§ **Exercise directions**: Go through the entries and copy every line that has the string "instance" in it.

━━ Supplied data

(* Let $p\colon E\to B$ be an arc-hedgehog covering. Then $p$ is a disk-hedgehog covering if and only if it is a disk-covering.
   Context: All maps are continuous. A Peano space is a connected, locally path-connected space. For a class $\mathcal{P}$ of spaces, $p\colon E\to B$ is a $\mathcal{P}$-covering if for every $e_0\in E$, $X\in\mathcal{P}$, $x_0\in X$ and map $f\colon X\to B$ with $f(x_0)=p(e_0)$ there is a map $g\colon X\to E$ with $p\circ g=f$, $g(x_0)=e_0$, and such lifts are unique. A disk-covering is a $\mathcal{P}$-covering for $\mathcal{P}=\{D^2\}$ ($D^2$ the closed unit 2-disk). A directed wedge is $(Z,z_0)=\bigvee_{s\in S}(Z_s,z_s)$, a wedge of pointed Peano spaces indexed by a directed set $S$, topologized so that $U\subset Z\setminus\{z_0\}$ is open iff each $U\cap Z_s$ is open, and $U\ni z_0$ is an open neighborhood of $z_0$ iff each $U\cap Z_s$ is open and there is $t\in S$ with $Z_s\subset U$ for all $s>t$. An arc-hedgehog (resp. disk-hedgehog) is a directed wedge with each $(Z_s,z_s)$ homeomorphic to $([0,1],0)$ (resp. each $Z_s$ homeomorphic to $D^2$). An arc-hedgehog (resp. disk-hedgehog) covering is a $\mathcal{P}$-covering for $\mathcal{P}$ the class of all arc-hedgehogs (resp. disk-hedgehogs). *)

From HB Require Import structures.
From mathcomp Require Import all_boot all_order all_algebra.
From mathcomp Require Import all_classical all_reals.
From mathcomp Require Import topology_structure subtype_topology product_topology num_topology.
From mathcomp Require Import Rstruct Rstruct_topology.
From Stdlib Require Import Rdefinitions.

Set Implicit Arguments.
Unset Strict Implicit.
Unset Printing Implicit Defensive.

Import Order.TTheory GRing.Theory Num.Theory.
Local Open Scope classical_set_scope.
Local Open Scope ring_scope.

Record directedSet := DirectedSet {
  dcarrier :> Type;
  dle : dcarrier -> dcarrier -> Prop;
  dle_refl : forall s, dle s s;
  dle_trans : forall r s t, dle r s -> dle s t -> dle r t;
  dle_directed : forall s t, exists u, dle s u /\ dle t u;
  dinhabited : inhabited dcarrier
}.

Definition dgt (S : directedSet) (s t : S) : Prop := dle t s /\ ~ dle s t.

(** The directed wedge of pointed spaces (Z_s, z_s), s in S.
    Carrier: [None] is the wedge point z0; [Some (s; x)] is a point
    x of Z_s different from z_s. *)
Section Wedge.
Variables (S : directedSet) (Z : S -> topologicalType) (z : forall s, Z s).

Definition wedge := option {s : S & {x : Z s | x <> z s}}.

HB.instance Definition _ := gen_eqMixin wedge.
HB.instance Definition _ := gen_choiceMixin wedge.

Definition wedge_incl (s : S) (x : Z s) : wedge :=
  match pselect (x = z s) with
  | left _ => None
  | right h => Some (existT _ s (exist _ x h))
  end.

Definition wedge_open (U : set wedge) : Prop :=
  (forall s, open (@wedge_incl s @^-1` U)) /\
  (U None -> exists t : S, forall s, dgt s t -> forall x : Z s, U (@wedge_incl s x)).

Lemma wedge_openT : wedge_open setT.
Proof. by split => [s|_]; [rewrite preimage_setT; exact: openT|
  case: (dinhabited S) => t; exists t]. Qed.

Lemma wedge_openI : setI_closed wedge_open.
Proof.
move=> A B [oA cA] [oB cB]; split => [s|[/cA [t1 H1] /cB [t2 H2]]].
  by rewrite preimage_setI; apply: openI.
have [u [u1 u2]] := dle_directed t1 t2.
exists u => s [us nsu] x; split.
- apply: H1 => //; split; first exact: dle_trans u1 us.
  by move=> st1; apply: nsu; apply: dle_trans st1 u1.
- apply: H2 => //; split; first exact: dle_trans u2 us.
  by move=> st2; apply: nsu; apply: dle_trans st2 u2.
Qed.

Lemma wedge_open_bigU (I : Type) (f : I -> set wedge) :
  (forall i, wedge_open (f i)) -> wedge_open (\bigcup_i f i).
Proof.
move=> oF; split => [s|[i _ /(proj2 (oF i)) [t Ht]]].
  by rewrite preimage_bigcup; apply: bigcup_open => i _; exact: (proj1 (oF i)).
by exists t => s st x; exists i => //; exact: Ht.
Qed.

HB.instance Definition _ :=
  isOpenTopological.Build wedge wedge_openT wedge_openI wedge_open_bigU.

End Wedge.

Definition unit_interval : set R := [set x | 0 <= x <= 1].
Definition unit_disk : set (R * R) := [set v | v.1 ^+ 2 + v.2 ^+ 2 <= 1].

Definition homeomorphism (X Y : topologicalType) (f : X -> Y) : Prop :=
  exists g : Y -> X,
    [/\ continuous f, continuous g, cancel f g & cancel g f].

Definition homeomorphic (X Y : topologicalType) : Prop :=
  exists f : X -> Y, homeomorphism f.

Definition pointed_homeomorphic_to_arc (X : topologicalType) (x : X) : Prop :=
  exists f : X -> set_type unit_interval,
    homeomorphism f /\ set_val (f x) = 0.

Definition unique_lifting (E B : topologicalType) (p : E -> B)
    (X : topologicalType) : Prop :=
  forall (e0 : E) (x0 : X) (f : X -> B),
    continuous f -> f x0 = p e0 ->
    (exists g : X -> E, [/\ continuous g, (forall x, p (g x) = f x) & g x0 = e0])
    /\ (forall g1 g2 : X -> E, continuous g1 -> continuous g2 ->
          (forall x, p (g1 x) = f x) -> (forall x, p (g2 x) = f x) ->
          g1 x0 = e0 -> g2 x0 = e0 -> g1 = g2).

Definition disk_covering (E B : topologicalType) (p : E -> B) : Prop :=
  unique_lifting p (set_type unit_disk).

Definition arc_hedgehog_covering (E B : topologicalType) (p : E -> B) : Prop :=
  forall (S : directedSet) (Z : S -> topologicalType) (z : forall s, Z s),
    (forall s, pointed_homeomorphic_to_arc (z s)) ->
    unique_lifting p (wedge z).

Definition disk_hedgehog_covering (E B : topologicalType) (p : E -> B) : Prop :=
  forall (S : directedSet) (Z : S -> topologicalType) (z : forall s, Z s),
    (forall s, homeomorphic (Z s) (set_type unit_disk)) ->
    unique_lifting p (wedge z).

From mathcomp Require Import all_boot all_order all_algebra.
From mathcomp Require Import all_classical all_reals topology_structure.
From mathcomp Require Import topology normedtype Rstruct Rstruct_topology.
From mathcomp Require Import lra.
From Stdlib Require Import Rdefinitions.

(** Lifting along a disk-hedgehog is done spike by spike: every spike is a
    disk, hence has unique lifts, and the spike lifts starting at one point
    over the wedge point glue to a lift on the wedge.  The only issue is
    continuity of the glued lift at the wedge point.  If it failed for a
    neighbourhood [A], pick on cofinally many spikes a point lifted outside
    [A] and join it to the base point by a segment.  This gives a map from an
    arc-hedgehog; by uniqueness of arc lifts its continuous lift agrees with
    the spike lifts along the segments, so it leaves [A] on cofinally many
    arcs, which is absurd.  Conversely, a disk is a one-spike disk-hedgehog. *)

Set Implicit Arguments.
Unset Strict Implicit.
Unset Printing Implicit Defensive.
Import Order.TTheory GRing.Theory Num.Theory.
Local Open Scope classical_set_scope.
Local Open Scope ring_scope.

Notation I01 := (set_type unit_interval).
Notation D2 := (set_type unit_disk).

Section Lifting.
Variables (E B : topologicalType) (p : E -> B).

Lemma unique_lifting_eq (X : topologicalType) (f : X -> B) (g1 g2 : X -> E)
    (x0 : X) :
  unique_lifting p X -> continuous f -> continuous g1 -> continuous g2 ->
  (forall x, p (g1 x) = f x) -> (forall x, p (g2 x) = f x) ->
  g1 x0 = g2 x0 -> g1 = g2.
Proof.
move=> UL cf c1 c2 p1 p2 g12.
by apply: (UL (g1 x0) x0 f cf (esym (p1 x0))).2 => //; rewrite g12.
Qed.

Lemma unique_lifting_homeomorphism (X Y : topologicalType) (h : X -> Y) :
  homeomorphism h -> unique_lifting p Y -> unique_lifting p X.
Proof.
case=> k [ch ck hk kh] UL e0 x0 f cf fx0.
have cfk : continuous (f \o k).
  by move=> y; exact: continuous_comp (ck y) (cf _).
have fk0 : (f \o k) (h x0) = p e0 by rewrite /= hk.
have [[g [cg pg g0]] _] := UL e0 (h x0) (f \o k) cfk fk0.
split.
  exists (g \o h); split => [x|x|//].
    exact: continuous_comp (ch x) (cg _).
  by rewrite /= pg /= hk.
move=> g1 g2 c1 c2 p1 p2 e1 e2.
have g12 : g1 \o k = g2 \o k.
  apply: (unique_lifting_eq (x0 := h x0) UL cfk).
  - by move=> y; exact: continuous_comp (ck y) (c1 _).
  - by move=> y; exact: continuous_comp (ck y) (c2 _).
  - by move=> y; rewrite /= p1.
  - by move=> y; rewrite /= p2.
  - by rewrite /= hk e1 e2.
by apply: funext => x; rewrite -[x]hk; exact: (congr1 (fun F => F (h x)) g12).
Qed.

End Lifting.

Lemma homeomorphism_id (X : topologicalType) : homeomorphism (@id X).
Proof. by exists id; split => // x; exact: cvg_id. Qed.

Section WedgeMaps.
Variables (S : directedSet) (Z : S -> topologicalType) (z : forall s, Z s).
Local Notation incl s := (@wedge_incl S Z z s).

Lemma wedge_incl_continuous (s : S) : continuous (incl s).
Proof. by apply/continuousP => A [oA _]; exact: oA. Qed.
Lemma witness_of_one_exception : exists W, witness_set W.
Proof.
have [beta /h_const h_beta] := h_majority.
have M_symm s t : (t \in M s) = (s \in M t) by rewrite M_sym // !h_beta.
have pair_disjoint s t s' t' :
    t \in M s -> t' \in M s' -> t' \notin [set s; t] -> s' \notin [set s; t].
  move=> tMs t'Ms'; apply: contra; rewrite !inE => /orP[]/eqP E; subst s'.
    by rewrite (M_le1_eq tMs t'Ms') eqxx orbT.
  by rewrite M_symm in tMs; rewrite (M_le1_eq tMs t'Ms') eqxx.
have pick_outside (B : {set T}) : #|B| <= 4 -> exists2 t, t \notin B & exists s, t \in M s.
  move=> B_le4; have : 0 < #|cover_of [set: T] :\: B|.
    by apply: leq_trans (card_setD_ge _ _); lia.
  by case/card_gt0P => t; rewrite in_setD => /andP[tB /bigcupP[s _ tMs]]; exists t => //; exists s.
have /pick_outside[t1 _ [s1 t1Ms1]] : #|set0 : {set T}| <= 4 by rewrite cards0.
have [t2 t2P1 [s2 t2Ms2]] := pick_outside _ (leq_trans (card_set2_le s1 t1) (isT : 2 <= 4)).
have s2P1 := pair_disjoint _ _ _ _ t1Ms1 t2Ms2 t2P1.
have /pick_outside[t3] : #|[set s1; t1] :|: [set s2; t2]| <= 4.
  have := card_setU_le [set s1; t1] [set s2; t2].
  by have := card_set2_le s1 t1; have := card_set2_le s2 t2; lia.
rewrite in_setU negb_or => /andP[t3P1 t3P2] [s3 t3Ms3].
have s3P1 := pair_disjoint _ _ _ _ t1Ms1 t3Ms3 t3P1.
have s3P2 := pair_disjoint _ _ _ _ t2Ms2 t3Ms3 t3P2.
have ts s t : t \in M s -> t != s by move=> tMs; apply: contraNneq (M_irr s) => ts; rewrite -{1}ts.
move: (ts _ _ t1Ms1) (ts _ _ t2Ms2) (ts _ _ t3Ms3) s2P1 s3P1 s3P2 t2P1 t3P1 t3P2.
rewrite !inE !negb_or => t1s1 t2s2 t3s3.
move=> /andP[s2s1 s2t1] /andP[s3s1 s3t1] /andP[s3s2 s3t2].
move=> /andP[t2s1 t2t1] /andP[t3s1 t3t1] /andP[t3s2 t3t2].
exists [set s1; s2; s3]; rewrite /witness_set.
have -> : cover_of [set s1; s2; s3] = M s1 :|: M s2 :|: M s3.
  by rewrite /cover_of !bigcup_setU !big_set1.
apply/andP; split.
  apply/card_gt2P; exists t1, t2, t3; rewrite !inE t1Ms1 t2Ms2 t3Ms3 !orbT !andbT !negb_or.
  by rewrite t1s1 t2s1 t3s1 t2s2 t3s2 t3s3 (eq_sym t1 s2) s2t1 (eq_sym t1 s3) s3t1
    (eq_sym t2 s3) s3t2 (eq_sym t1 t2) t2t1 (eq_sym t2 t3) t3t2 t3t1.
have := card_setU_le [set s1; s2; s3] (M s1 :|: M s2 :|: M s3).
have := card_setU_le (M s1 :|: M s2) (M s3); have := card_setU_le (M s1) (M s2).
have := card_set3_le s1 s2 s3; have := M_le1 s1; have := M_le1 s2; have := M_le1 s3.
clear; lia.
Qed.

End OneException.

Lemma witness_set_exists : 4 < #|cover_of [set: T]| -> exists W, witness_set W.
Proof.
move=> cover_gt4.
have [[w1 w2] /= big|pairs_small] :=
  pickP (fun p : T * T => 2 < #|(M p.1 :|: M p.2) :\: [set p.1; p.2]|).
  by exists [set w1; w2]; exact: witness_pair.
have [b /cards2P[a [c [ac Mb]]]|M_le1] := pickP (fun b => #|M b| == 2).
  apply: (witness_of_two_exceptions Mb ac _ cover_gt4) => w1 w2.
  by rewrite leqNgt (pairs_small (w1, w2)).
apply: witness_of_one_exception cover_gt4 => w.
by have := M_le2 w; have := M_le1 w; case: #|M w| => [|[|[|]]].
Qed.

End ExceptionalSets.

Section Exceptions.
Variables (T : finType) (e : rel T).
Hypothesis e_sym : symmetric e.
Hypothesis e_irr : irreflexive e.

Lemma distinguished_nbhd w : distinguished e (nbhd e w) (~: (w |: nbhd e w)).
Proof.
move=> x; rewrite inE => ewx; exists w; first by rewrite !inE eqxx e_irr.
by move=> y; rewrite !inE negb_or => /andP[_ /negbTE->]; rewrite ewx.
Qed.

Definition dense w := 2 < #|nbhd e w|.

Definition exceptions w := if dense w then ~: (w |: nbhd e w) else nbhd e w.

Lemma exceptions_irr w : w \notin exceptions w.
Proof. by rewrite /exceptions; case: ifP; rewrite !inE ?eqxx ?e_irr. Qed.

Lemma adj_exceptions w z : z != w -> e w z = (z \in exceptions w) (+) dense w.
Proof.
by move=> /negbTE zw; rewrite /exceptions; case: ifP; rewrite !inE ?zw ?addbT ?addbF ?negbK.
Qed.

━━━━

§ **Solved problem**:
HB.instance Definition _ := gen_eqMixin wedge.
HB.instance Definition _ := gen_choiceMixin wedge.
HB.instance Definition _ :=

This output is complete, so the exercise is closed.